It was Okay-design’s flip to get entrance and centre of the Seoul cultural scene this season. Hot on the heels of Frieze’s second spherical within the metropolis in September, Seoul Design 23 happened contained in the Zaha Hadid-designed Dongdaemun Design Plaza, coinciding with Seoul Design Week, as an annual celebration of small companies, younger designers and collaboration.

“Seoul city is dynamic,” says Yoo Ehwa, a curator who organised the areas of Seoul Design 2023, which opened with the theme of ‘Valuable Life’ and centered on essential problems with the atmosphere, governance and social impression. “Seoul is always ready to accept changes in the future. These changes are necessary and will add freshness to the event.” Ehwa is an architect herself, serving because the president of ITM Yoo Ehwa Architects. From the very starting of planning Seoul Design, she created pointers of the right way to use waste from exhibitions – a dedication to the “critical issues that society has to address.”

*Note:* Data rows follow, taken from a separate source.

Lemma card_block b : #|block b| <= k.
Proof.
pose f (j : 'I_n) := Ordinal (ltn_pmod j k_gt0).
rewrite -(card_in_imset (f := f)); first by rewrite -[leqRHS]card_ord max_card.
move=> j1 j2; rewrite !inE => /eqP h1 /eqP h2 /(congr1 val) /= h3.
by apply/val_inj; rewrite /= (divn_eq j1 k) (divn_eq j2 k) h1 h2 h3.
Qed.

Definition block_subsets : seq {set 'I_n} :=
  flatten [seq enum (powerset (block b)) | b <- enum 'I_m].

Lemma mem_block_subsets T : (T \in block_subsets) = [exists b, T \subset block b].
Proof.
apply/flattenP/existsP => [[s /mapP [b _ ->]]|[b Hb]].
  by rewrite mem_enum powersetE => H; exists b.
exists (enum (powerset (block b))); first by apply: map_f; rewrite mem_enum.
by rewrite mem_enum powersetE.
Qed.

Lemma size_block_subsets : size block_subsets <= m * 2 ^ k.
Proof.
rewrite -[in leqRHS](size_enum_ord m); apply: size_flatten_map_leq => b _.
by rewrite -cardE card_powerset leq_pexp2l // card_block.
Qed.

Definition subset_program :=
  flatten [seq union_seq [seq [set e] | e <- enum T] | T <- block_subsets].

Lemma singleton_mem L e : {subset singletons n <= L} -> [set e] \in L.
Proof. by move=> H; apply/H/map_f; rewrite mem_enum. Qed.

Lemma subset_program_valid : sp_valid (singletons n) subset_program.
Proof.
apply: (sp_valid_flatten (L0 := singletons n)) => // T L HL.
apply: union_seq_valid.
  move=> s /mapP [e _ ->]; split; first exact: singleton_mem.
  by apply/set0Pn; exists e; rewrite set11.
rewrite pairwise_map; have := enum_uniq (mem T); rewrite uniq_pairwise.
by apply: sub_pairwise => x y /= H; rewrite disjoints1 in_set1; apply: contra H => /eqP ->.
Qed.

Lemma bigcup_singletons T : \bigcup_(x <- [seq [set e] | e <- enum T]) x = T.
Proof.
rewrite big_map big_enum /=; apply/setP => j; apply/bigcupP/idP => [[e He]|Hj].
  by rewrite in_set1 => /eqP ->.
by exists j; rewrite ?set11.
Qed.

Lemma mem_subset_program T : T \in block_subsets -> T != set0 ->
  T \in sp_nodes (singletons n) subset_program.
Proof.
move=> HT /set0Pn [e He].
apply: (mem_sp_nodes_flatten (L0 := singletons n) _ HT) => // L HL.
case E: (enum T) => [|e' es]; first by move: (mem_enum (mem T) e); rewrite E He.
rewrite -E -{1}(bigcup_singletons T) E /=; apply: union_seq_mem.
exact: singleton_mem.
Qed.

Lemma size_subset_program : size subset_program <= m * 2 ^ k * k.
Proof.
apply: leq_trans (size_flatten_map_leq (c := k) _) _.
  move=> T; rewrite size_union_seq size_map -cardE mem_block_subsets.
  case/existsP => b Hb; apply: leq_trans (leq_pred _) _.
  exact: leq_trans (subset_leq_card Hb) (card_block b).
by rewrite leq_mul2r size_block_subsets orbT.
Qed.

Definition row_pieces A i : seq {set 'I_n} :=
  [seq rowset A i :&: block b | b <- enum 'I_m & rowset A i :&: block b != set0].

Definition row_program A :=
  flatten [seq union_seq (row_pieces A i) | i <- enum 'I_n].

Lemma row_pieces_block_subsets A i s :
  s \in row_pieces A i -> s \in block_subsets /\ s != set0.
Proof.
case/mapP => b; rewrite mem_filter => /andP [H _] ->; split => //.
by rewrite mem_block_subsets; apply/existsP; exists b; apply: subsetIr.
Qed.

Lemma row_program_valid A L :
  {subset sp_nodes (singletons n) subset_program <= L} -> sp_valid L (row_program A).
Proof.
apply: sp_valid_flatten => i L' HL'; apply: union_seq_valid.
  move=> s Hs; have [h1 h2] := row_pieces_block_subsets Hs; split => //.
  exact/HL'/mem_subset_program.
rewrite pairwise_map; apply: pairwise_filter.
have := enum_uniq (mem 'I_m); rewrite uniq_pairwise.
apply: sub_pairwise => x y /= H.
exact: disjointW (subsetIr _ _) (subsetIr _ _) (block_disjoint H).
Qed.

Lemma mem_bigcup_seq (s : seq {set 'I_n}) j :
  (j \in \bigcup_(x <- s) x) = has (fun x : {set 'I_n} => j \in x) s.
Proof.
elim: s => [|x s IH]; first by rewrite big_nil in_set0.
by rewrite big_cons in_setU IH.
Qed.

Lemma bigcup_row_pieces A i : \bigcup_(s <- row_pieces A i) s = rowset A i.
Proof.
apply/setP => j; rewrite mem_bigcup_seq; apply/hasP/idP.
  by case=> s /mapP [b _ ->]; rewrite inE => /andP[].
move=> Hj; exists (rowset A i :&: block (block_of j)); last by rewrite inE Hj mem_block_of.
apply: map_f; rewrite mem_filter mem_enum andbT.
by apply/set0Pn; exists j; rewrite inE Hj mem_block_of.
Qed.

Lemma mem_row_program A i L : rowset A i != set0 ->
  {subset sp_nodes (singletons n) subset_program <= L} ->
  rowset A i \in sp_nodes L (row_program A).
Proof.
move=> Hne; apply: (mem_sp_nodes_flatten (x := i)); last by rewrite mem_enum.
move=> L' HL'; case E: (row_pieces A i) => [|s ss].
  by move: Hne; rewrite -bigcup_row_pieces E big_nil eqxx.
rewrite -bigcup_row_pieces E; apply/union_seq_mem/HL'.
have [] : s \in block_subsets /\ s != set0.
  by apply: (@row_pieces_block_subsets A i); rewrite E mem_head.
exact: mem_subset_program.
Qed.

Lemma size_row_program A : size (row_program A) <= n * m.
Proof.
rewrite -[X in _ <= X * _](size_enum_ord n); apply: size_flatten_map_leq => i _.
rewrite size_union_seq size_map size_filter.
apply: leq_trans (leq_pred _) _; apply: leq_trans (count_size _ _) _.
by rewrite size_enum_ord.
Qed.

Lemma lupanov_circuit A : (forall i, rowset A i != set0) ->
  exists C : circuit n, [/\ computes C A, cancellation_free C &
     csize C <= m * 2 ^ k * k + n * m].
Proof.
move=> Hne.
have V : sp_valid (singletons n) (subset_program ++ row_program A).
  by apply: sp_valid_cat; [exact: subset_program_valid | exact: row_program_valid].
have R i : rowset A i \in sp_nodes (singletons n) (subset_program ++ row_program A).
  by rewrite sp_nodes_cat; apply: mem_row_program.
have [C [h1 h2 h3]] := circuit_of_set_program V R.
exists C; split => //.
by rewrite h3 size_cat leq_add ?size_subset_program ?size_row_program.
Qed.

End Lupanov.

(* A circuit with at most s gates is determined by its number of gates, the
   children of (up to) s gates and the n output nodes, all nodes being
   below n + s. *)
Section CircuitCodes.
Variables n s : nat.

Definition code := ('I_s.+1 * {ffun 'I_s -> 'I_(n + s).+1 * 'I_(n + s).+1} *
                    {ffun 'I_n -> 'I_(n + s).+1})%type.

Definition decode (c : code) : circuit n :=
  Circuit (take c.1.1 [seq ((c.1.2 i).1 : nat, (c.1.2 i).2 : nat) | i <- enum 'I_s])
          (fun i => c.2 i : nat).

Definition mx_of_circuit (C : circuit n) : 'M['F_2]_n :=
  \matrix_(i, j) kappa C (outs C i) 0%R j.

Lemma computes_mx_of_circuit C A : computes C A -> mx_of_circuit C = A.
Proof.
case=> _ CA; apply/matrixP => i j; rewrite mxE.
by have := CA (delta_mx j 0%R) i; rewrite eval_kappa -!colE !mxE.
Qed.

Lemma decode_small_circuit (D : circuit n) A : computes D A -> csize D <= s ->
  exists c : code, mx_of_circuit (decode c) = A.
Proof.
move=> DA; have [[Wg Wo] _] := DA.
case: D DA Wg Wo => g o DA Wg Wo; rewrite /csize /= in Wg Wo * => Hs.
pose fg : {ffun 'I_s -> 'I_(n + s).+1 * 'I_(n + s).+1} :=
  [ffun i : 'I_s => (inord (nth (0, 0) g i).1, inord (nth (0, 0) g i).2)].
pose fo : {ffun 'I_n -> 'I_(n + s).+1} := [ffun i => inord (o i)].
exists (inord (size g), fg, fo).
have node_lt u : u < n + size g -> u < (n + s).+1.
  by move=> Hu; rewrite ltnS (leq_trans (ltnW Hu)) // leq_add2l.
have Eg : gates (decode (inord (size g), fg, fo)) = g.
  have Hsz : size [seq ((fg i).1 : nat, (fg i).2 : nat) | i <- enum 'I_s] = s.
    by rewrite size_map size_enum_ord.
  rewrite /= inordK ?ltnS //; apply: (@eq_from_nth _ (0, 0)) => [|i].
    by rewrite size_takel // Hsz.
  rewrite size_takel ?Hsz // => Hi; have His : i < s by apply: leq_trans Hs.
  rewrite nth_take // (nth_map (Ordinal His)) ?size_enum_ord //.
  have -> : nth (Ordinal His) (enum 'I_s) i = Ordinal His.
    by apply: val_inj; rewrite /= nth_enum_ord.
  have [h1 h2 _] := Wg i Hi.
  have lt_i u : u < n + i -> u < (n + s).+1.
    by move=> Hu; apply: node_lt; rewrite (leq_trans Hu) // leq_add2l ltnW.
  by rewrite /fg ffunE /= !inordK ?lt_i //; case: (nth _ g i).
rewrite -(computes_mx_of_circuit DA); apply/matrixP => i j; rewrite !mxE.
by rewrite /kappa Eg /= /fo ffunE inordK ?node_lt.
Qed.

Lemma card_code :
  #|{: code}| = s.+1 * ((n + s).+1 * (n + s).+1) ^ s * (n + s).+1 ^ n.
Proof. by rewrite !card_prod !card_ffun !card_prod !card_ord. Qed.

End CircuitCodes.

Lemma card_F2 : #|'F_2| = 2.
Proof. by rewrite card_Fp. Qed.

Section ZeroRows.
Variable n : nat.
Local Open Scope ring_scope.

Definition zero_row_mx : {set 'M['F_2]_n} := [set A | [exists i, row i A == 0]].

(* Adding an arbitrary row at the first zero row is injective. *)
Lemma card_zero_row_mx : (#|zero_row_mx| * 2 ^ n <= n.+1 * 2 ^ (n * n))%N.
Proof.
pose put (i : 'I_n) (v : 'rV['F_2]_n) : 'M['F_2]_n :=
  \matrix_(r, j) (if r == i then v 0 j else 0).
pose H (Av : 'M['F_2]_n * 'rV['F_2]_n) :=
  let p := [pick i | row i Av.1 == 0] in
  (p, if p is Some i then Av.1 + put i Av.2 else Av.1).
have -> : (2 ^ n)%N = #|[set: 'rV['F_2]_n]| by rewrite cardsT card_mx card_F2 mul1n.
rewrite -cardsX -(@card_in_imset _ _ H).
  apply: leq_trans (max_card _) _.
  by rewrite card_prod card_option card_ord card_mx card_F2.
move=> [A v] [A' v']; rewrite !inE /= => /andP [/existsP [j0 Hj0] _] /andP [/existsP [j1 Hj1] _].
rewrite /H /=; case: pickP => [i Hi|/(_ j0)]; last by rewrite Hj0.
case: pickP => [i' Hi'|/(_ j1)]; last by rewrite Hj1.
case=> Eii E; subst i'.
have Ev : v = v'.
  apply/rowP => j; move/matrixP: E => /(_ i j); rewrite !mxE eqxx.
  move/eqP: Hi => /matrixP /(_ 0 j); rewrite !mxE => ->.
  by move/eqP: Hi' => /matrixP /(_ 0 j); rewrite !mxE => ->; rewrite !add0r.
by move: E; rewrite -Ev => /addIr ->.
Qed.

End ZeroRows.

Lemma sqr_leq_exp2 j : j * j <= 2 ^ j + 9.
Proof.
have big i : 4 <= i -> i * i <= 2 ^ i.
  elim: i => [|i IH] // Hi.
  case: (ltngtP i 3) => Hi3; [lia | | by rewrite Hi3].
  by have := IH Hi3; rewrite expnS; nia.
by case: (leqP 4 j) => Hj; [have := big j Hj; lia | nia].
Qed.

Lemma trunc_log2_facts n : 1000 <= n ->
  let L := trunc_log 2 n in
  [/\ 2 ^ L <= n, n < 2 ^ L.+1, L * L <= n + 9 & 2 <= L].
Proof.
move=> Hn L.
have h1 : 2 ^ L <= n by apply: trunc_logP; lia.
split => //; first exact: trunc_log_ltn.
  by have := sqr_leq_exp2 L; lia.
by rewrite -[2](@trunc_expnK 2 2) // leq_trunc_log //; lia.
Qed.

As a platform, Seoul Design aimed to get wider audiences enthusiastic about Okay-design – a festive second mixing craft, industrial and furnishings design and structure. Read on for our occasion report.


Young expertise to observe

Nurturing the subsequent era of creatives was seen all through Seoul Design. One part featured college students from 9 universities in Seoul staff up with manufacturers to create design ideas. An instance of this was the experimental ‘Amoredo,’ a set of playful however practical hair care instruments made to rethink how we wash our hair, with a give attention to accessibility.

“The behaviour of washing hair may seem trivial, but even a small cut on our finger can impact our ability to do it,” mentioned the four-strong feminine design staff behind the undertaking, fourth 12 months college students within the Seoul National University Industrial Design course, Celynn Kim, Jiham Lee, Dayeon Kim and Yeongwon Lee. “This project was looking at keeping our human integrity.” The staff was supported by Okay-beauty giants, AmorePacific for the educational and improvement of the items that use bioplastics comprised of coconut shells for the physique of the ‘brushes’.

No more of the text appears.